TASK DESCRIPTION: Which lines of the records contain the word "face"? Copy each one.
******
Lemma G_delta_half_bounds (R : realType) (delta : R) (lam : complex R) :
  0 < delta < 1 -> G_delta delta lam ->
  cabs (cR delta * conjc (lam / 2%:R) - lam / 2%:R) < (1 - delta ^+ 2) / 2 /\
  cabs (lam / 2%:R) ^+ 2 <= (1 + delta ^+ 2) / 2.
Proof.
case/andP=> d0 d1; rewrite /G_delta; set w := lam / 2%:R.
have -> : lam = w + w by exact: splitr.
case: w => p q /=; set a := 1 + delta; set b := 1 - delta => G.
have a0 : 0 < a by rewrite /a; lra.
have b0 : 0 < b by rewrite /b; lra.
have G' : 4 * (b ^+ 2 * p ^+ 2 + a ^+ 2 * q ^+ 2) < (a * b) ^+ 2.
  move: G; rewrite -(ltr_pM2r (exprn_gt0 2 (mulr_gt0 a0 b0))) mul1r.
  congr (_ < _); field; rewrite ?mulf_neq0 ?gt_eqF //.
rewrite /a /b in G'; split.
  rewrite -(ltr_pXn2r (_ : (0 < 2)%N)) ?nnegrE ?cabs_ge0 ?divr_ge0 ?subr_ge0 ?exprn_ile1 ?ltW //.
  by rewrite cabs_sqr /=; nra.
have : 0 <= delta * q ^+ 2 by rewrite mulr_ge0 ?sqr_ge0 ?ltW.
have : 0 < (1 - delta) ^+ 2 by rewrite exprn_gt0 // subr_gt0.
by rewrite cabs_sqr /=; nra.
Qed.

Lemma G_delta_cabs_half_lt1 (R : realType) (delta : R) (lam : complex R) :
  0 < delta < 1 -> G_delta delta lam -> cabs (lam / 2%:R) < 1.
Proof.
move=> d01 /(G_delta_half_bounds d01) [_]; case/andP: d01 => d0 d1.
by rewrite -(ltr_pXn2r (_ : (0 < 2)%N)) ?nnegrE ?cabs_ge0 // expr1n; nra.
Qed.

Section NumeratorBound.
Variable R : realType.
Variable V : lmodType (complex R).
Variable ip : V -> V -> complex R.
Hypothesis Hip : is_inner_product ip.
Local Notation hn := (hnorm ip).

Lemma hnorm_sqr_gap (delta : R) (w : complex R) (a y : V) :
  hn (y - w *: a) ^+ 2 - hn (cR delta *: a - w *: y) ^+ 2 =
  (1 - cabs w ^+ 2) * hn y ^+ 2 + (cabs w ^+ 2 - delta ^+ 2) * hn a ^+ 2
  + 2 * complex.Re (ip ((cR delta * conjc w - w) *: a) y).
Proof.
rewrite !(hnorm_sqrD Hip) !(hnorm_oppr Hip) !(hnormZ Hip) !(ipNr Hip) !(ipZl Hip) !(ipZr Hip).
rewrite [ip y a](ipC Hip) !exprMn !cabs_sqr.
by case: w (ip a y) => [p q] [r s] /=; ring.
Qed.

Definition ellipse_margin (delta : R) (lam : complex R) : R :=
  (1 - delta ^+ 2) / 2 - cabs (cR delta * conjc (lam / 2%:R) - lam / 2%:R).

Lemma denom_numer_sqr_gap (delta : R) (A : V -> V) (lam : complex R) (y : V) :
  contraction ip A -> 0 < delta < 1 -> G_delta delta lam ->
  ellipse_margin delta lam * hn y ^+ 2
    <= hn (denom_op A lam y) ^+ 2 - hn (numer_op delta A lam y) ^+ 2.
Proof.
move=> [_ /(_ y)]; rewrite mul1r => AyY d01 G.
have [K_lt w_le] := G_delta_half_bounds d01 G.
rewrite /ellipse_margin /numer_op /denom_op hnorm_sqr_gap.
move: K_lt w_le; set w := lam / 2%:R; set zeta := _ - w => K_lt w_le.
have := Re_ip_le Hip (- (zeta *: A y)) y.
rewrite (ipNl Hip) (hnorm_oppr Hip) (hnormZ Hip); case: (ip _ y) => r s /= CS.
have := hnorm_ge0 ip y; have := hnorm_ge0 ip (A y).
move: AyY CS; set Y := hn y; set Ay := hn (A y) => AyY CS Ay0 Y0.
have : 0 <= cabs zeta * (Ay - Y) ^+ 2 by rewrite mulr_ge0 ?cabs_ge0 ?sqr_ge0.
have : 0 <= ((1 + delta ^+ 2) / 2 - cabs w ^+ 2) * (Y ^+ 2 - Ay ^+ 2).
  by rewrite mulr_ge0 ?subr_ge0 // ler_pXn2r ?nnegrE.
have : 0 <= ((1 - delta ^+ 2) / 2 - cabs zeta) * Ay ^+ 2.
  by rewrite mulr_ge0 ?sqr_ge0 // subr_ge0 ltW.
nra.
Qed.

Lemma numer_op_le_denom_op (delta : R) (A : V -> V) (lam : complex R) :
  contraction ip A -> 0 < delta < 1 -> G_delta delta lam ->
  exists c : R, c < 1 /\ forall y, hn (numer_op delta A lam y) <= c * hn (denom_op A lam y).
Proof.
move=> Acontr d01 G; have [K_lt w_le] := G_delta_half_bounds d01 G.
have eta0 : 0 < ellipse_margin delta lam by rewrite subr_gt0.
have eta_le1 : ellipse_margin delta lam <= 1.
  by rewrite /ellipse_margin; have := cabs_ge0 (cR delta * conjc (lam / 2%:R) - lam / 2%:R); nra.
set eta := ellipse_margin delta lam in eta0 eta_le1 *.
have c0 : 0 <= 1 - eta / 4 by lra.
exists (Num.sqrt (1 - eta / 4)); split.
  by rewrite -[X in _ < X]sqrtr1 ltr_sqrt //; lra.
have denom_le y : hn (denom_op A lam y) <= 2 * hn y.
  apply: le_trans (ler_hnormB Hip _ _) _; rewrite (hnormZ Hip).
  have := hnorm_ge0 ip (A y); have : hn (A y) <= 1 * hn y by case: Acontr.
  have := G_delta_cabs_half_lt1 d01 G; have := cabs_ge0 (lam / 2%:R); nra.
move=> y; apply: hnorm_le; first by rewrite mulr_ge0 ?sqrtr_ge0 ?hnorm_ge0.
have : hn (denom_op A lam y) ^+ 2 <= (2 * hn y) ^+ 2.
  by rewrite ler_pXn2r ?nnegrE ?mulr_ge0 ?hnorm_ge0 ?denom_le.
move=> /(ler_wpM2l (ltW eta0)); have := denom_numer_sqr_gap y Acontr d01 G.
rewrite !exprMn (sqr_sqrtr c0) -/eta; lra.
Qed.
End NumeratorBound.

Lemma holomorphic_at_of_quadratic_remainder (R : realType) (V : lmodType (complex R))
    (ip : V -> V -> complex R) (G : complex R -> Prop) (F : complex R -> V -> V)
    (lam : complex R) (D : V -> V) (r C : R) :
  bounded_op ip D -> 0 < r ->
  (forall mu, G mu -> cabs (mu - lam) < r ->
     op_norm_le ip (fun x => F mu x - F lam x - (mu - lam) *: D x) (C * cabs (mu - lam) ^+ 2)) ->
  exists D, bounded_op ip D /\ forall e : R, 0 < e -> exists d : R, 0 < d /\
    forall mu, G mu -> 0 < cabs (mu - lam) < d ->
      op_norm_le ip (fun x => F mu x - F lam x - (mu - lam) *: D x) (e * cabs (mu - lam)).
Proof.
move=> Db r0 quad; exists D; split=> // e e0.
have C1 : 0 < `|C| + 1 by rewrite ltr_pwDr.
exists (Num.min r (e / (`|C| + 1))); split; first by rewrite lt_min r0 divr_gt0.
move=> mu Gmu /andP[_]; rewrite lt_min ltr_pdivlMr // => /andP[mur small].
apply: op_norm_le_trans (quad mu Gmu mur) _; have := cabs_ge0 (mu - lam); have := ler_norm C.
nra.
Qed.

Section Holomorphy.
Variable R : realType.
Variable V : lmodType (complex R).
Variable ip : V -> V -> complex R.
Hypothesis Hip : is_inner_product ip.
Local Notation hn := (hnorm ip).
Variable A : V -> V.
Hypothesis Acontr : contraction ip A.
Variable delta : R.

Let Abounded : bounded_op ip A. Proof. by case: Acontr. Qed.

Lemma numer_op_bounded lam : bounded_op ip (numer_op delta A lam).
Proof.
apply: (bounded_op_sub Hip); apply: (bounded_op_scale Hip) => //.
exact: bounded_op_id.
Qed.

Lemma numer_op_norm_le lam : 0 <= delta ->
  op_norm_le ip (numer_op delta A lam) (delta + cabs (lam / 2%:R)).
Proof.
move=> d0 x; apply: le_trans (ler_hnormB Hip _ _) _.
rewrite !(hnormZ Hip) cabs_cR // mulrDl lerD2r ler_wpM2l //.
by case: Acontr => _ /(_ x); rewrite mul1r.
Qed.

Lemma resolvent_identity lam mu S S' :
  op_inverse ip (denom_op A lam) S -> op_inverse ip (denom_op A mu) S' ->
  forall y, S' y = S y + ((mu - lam) / 2%:R) *: S' (A (S y)).
Proof.
move=> [_ _ DS] [[S'lin _] S'D _] y.
have denomE z : denom_op A mu z = denom_op A lam z - ((mu - lam) / 2%:R) *: A z.
  by rewrite /denom_op mulrBl scalerBl opprB addrA subrK.
by rewrite -{1}(S'D (S y)) denomE DS (linear_opB S'lin) (linear_opZ S'lin) subrK.
Qed.

(* The derivative of lam |-> numer_op delta A lam \o S_lam, since S_lam has derivative
   S_lam A S_lam / 2 by the resolvent identity. *)
Definition numer_deriv (lam : complex R) (S : V -> V) : V -> V :=
  fun x => 2%:R^-1 *: (numer_op delta A lam (S (A (S x))) - S x).

Lemma numer_deriv_bounded lam S :
  op_inverse ip (denom_op A lam) S -> bounded_op ip (numer_deriv lam S).
Proof.
case=> Sb _ _; apply: (bounded_op_scale Hip); apply: (bounded_op_sub Hip) => //.
apply: (bounded_op_comp (numer_op_bounded lam)).
exact: (bounded_op_comp Sb (bounded_op_comp Abounded Sb)).
Qed.
Lemma ApowVK k x : Apow (m.+1 * k) (Apow k x) = x.
Proof. by rewrite ApowD addnC -ApowD ApowK. Qed.

Lemma expw_oppK k : w ^+ (m.+1 * (m.+1 * k)) = w ^+ k.
Proof. by rewrite (_ : (m.+1 * (m.+1 * k) = (m * k) * n + k)%N) ?expw_mod //; nia. Qed.

Lemma ApowE k z : Apow k (Some z) = Some (w ^+ k * z).
Proof. exact: rotE. Qed.

Lemma Apow_infty k : Apow k None = None.
Proof. exact: rot_infty. Qed.

Lemma Apow_zero k : Apow k (Some 0) = Some 0.
Proof. by rewrite ApowE mulr0. Qed.

Lemma Apow_id k : Apow k = id -> w ^+ k = 1.
Proof. by move/(congr1 (fun f => f (Some 1))); rewrite ApowE mulr1 => -[]. Qed.

Lemma invz_Apow k x : invz (Apow k x) = Apow (m.+1 * k) (invz x).
Proof.
have wk : w ^+ k != 0 by rewrite expf_eq0 (negPf root_neq0) andbF.
rewrite /Apow invz_rot //; congr (rot _ _).
apply: (mulfI wk); rewrite divff // -exprD.
by rewrite (_ : (k + m.+1 * k = k * n + 0)%N) ?expw_mod //; lia.
Qed.

Lemma Apow_infty_inv k x : Apow k x = None -> x = None.
Proof. by case: x => // z; rewrite ApowE. Qed.

Lemma Apow_zero_inv k x : Apow k x = Some 0 -> x = Some 0.
Proof.
case: x => [z|]; last by rewrite Apow_infty.
rewrite ApowE => -[] /eqP; rewrite mulf_eq0 expf_eq0 (negPf root_neq0) andbF /=.
by move/eqP => ->.
Qed.

Lemma Apow1_neq_id : Apow 1 <> id.
Proof. by move/Apow_id => h; have := w_pow_inj (a:=1) (b:=0) isT isT; rewrite expr0 h => /(_ erefl). Qed.

End CyclicRotations.
Arguments Apow : simpl never.

Section Words.
Variable R : realType.
Local Notation C := (R[i]).
Local Notation S := (sphere R).
Variables (m : nat) (w : C).
Local Notation n := m.+2.
Hypothesis w_order : w ^+ n = 1.
Variables T Ti : S -> S.
Hypothesis TTi : forall x, T (Ti x) = x.
Hypothesis TiT : forall x, Ti (T x) = x.

(* The letter (j, true) denotes g_j = A^j T A^-j and (j, false) its inverse. *)
Definition letter (l : nat * bool) : S -> S :=
  Apow w l.1 \o (if l.2 then T else Ti) \o Apow w (m.+1 * l.1).

Lemma letterE j b x :
  letter (j, b) x = Apow w j ((if b then T else Ti) (Apow w (m.+1 * j) x)).
Proof. by []. Qed.

Definition letter_inv (l : nat * bool) := (l.1, ~~ l.2).

Lemma letter_invK l : letter_inv (letter_inv l) = l.
Proof. by case: l => j b; rewrite /letter_inv /= negbK. Qed.
(* Let $\omega\in\Omega$ and let $C_\infty$ be an infinite contour of $\phi(\omega)$. Let $G\setminus C_\infty$ be the graph obtained from $G$ by removing all edges of $G$ crossed by edges of $C_\infty$. Then each infinite connected component of $G\setminus C_\infty$ contains an infinite cluster of $\omega$ that is incident to $C_\infty$.
   Context: Let $G$ be the square grid with vertex set $\mathbb{Z}^2$ and nearest-neighbour edges (unit segments). The face of $G$ with lower-left corner $(m,n)$ is black if $m+n$ is even, white otherwise. $\Omega\subset\{0,1\}^{\mathbb{Z}^2}$ is the set of $\omega$ such that for every black face the states of its four vertices, listed clockwise from the lower-left corner, form one of $0000,1111,0011,1100,0110,1001$. A cluster of $\omega$ is a maximal $G$-connected set of vertices on which $\omega$ is constant, infinite if it has infinitely many vertices. Let $\mathbb{L}_1$ have vertices $(m-\tfrac12,n+\tfrac12)$, $m,n$ both even, and $\mathbb{L}_2$ vertices $(m-\tfrac12,n+\tfrac12)$, $m,n$ both odd; in each, two vertices are joined by an edge (a closed segment of length $2$) iff at Euclidean distance $2$. The center of each black face $F$ is the midpoint of exactly one edge $e_1$ of $\mathbb{L}_1$ and one edge $e_2$ of $\mathbb{L}_2$. Define $\phi(\omega)\in\{0,1\}^{E(\mathbb{L}_1)\cup E(\mathbb{L}_2)}$: if the configuration around $F$ is $0000$ or $1111$ both get $0$; if the two upper vertices share a state different from the two lower ones, the horizontal one of $e_1,e_2$ gets $1$, the vertical $0$; if the two left vertices share a state different from the two right ones, the vertical one gets $1$, the horizontal $0$. Edges with value $1$ are present; a contour is a connected component of the set of present edges, infinite if it has infinitely many edges. A cluster is incident to a contour if some vertex of the cluster is at Euclidean distance $\tfrac12$ from some edge (segment) of the contour. *)

From Stdlib Require Import ZArith Reals Relations List.

Definition vertex : Type := (Z * Z)%type.

(* A configuration omega in {0,1}^{Z^2}; false = 0, true = 1. *)
Definition config : Type := vertex -> bool.

(* The face with lower-left corner (m,n) is black iff m+n is even. *)
Definition black (m n : Z) : Prop := Z.even (m + n) = true.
******
TASK RESULT:
   Context: Let $G$ be the square grid with vertex set $\mathbb{Z}^2$ and nearest-neighbour edges (unit segments). The face of $G$ with lower-left corner $(m,n)$ is black if $m+n$ is even, white otherwise. $\Omega\subset\{0,1\}^{\mathbb{Z}^2}$ is the set of $\omega$ such that for every black face the states of its four vertices, listed clockwise from the lower-left corner, form one of $0000,1111,0011,1100,0110,1001$. A cluster of $\omega$ is a maximal $G$-connected set of vertices on which $\omega$ is constant, infinite if it has infinitely many vertices. Let $\mathbb{L}_1$ have vertices $(m-\tfrac12,n+\tfrac12)$, $m,n$ both even, and $\mathbb{L}_2$ vertices $(m-\tfrac12,n+\tfrac12)$, $m,n$ both odd; in each, two vertices are joined by an edge (a closed segment of length $2$) iff at Euclidean distance $2$. The center of each black face $F$ is the midpoint of exactly one edge $e_1$ of $\mathbb{L}_1$ and one edge $e_2$ of $\mathbb{L}_2$. Define $\phi(\omega)\in\{0,1\}^{E(\mathbb{L}_1)\cup E(\mathbb{L}_2)}$: if the configuration around $F$ is $0000$ or $1111$ both get $0$; if the two upper vertices share a state different from the two lower ones, the horizontal one of $e_1,e_2$ gets $1$, the vertical $0$; if the two left vertices share a state different from the two right ones, the vertical one gets $1$, the horizontal $0$. Edges with value $1$ are present; a contour is a connected component of the set of present edges, infinite if it has infinitely many edges. A cluster is incident to a contour if some vertex of the cluster is at Euclidean distance $\tfrac12$ from some edge (segment) of the contour. *)
(* The face with lower-left corner (m,n) is black iff m+n is even. *)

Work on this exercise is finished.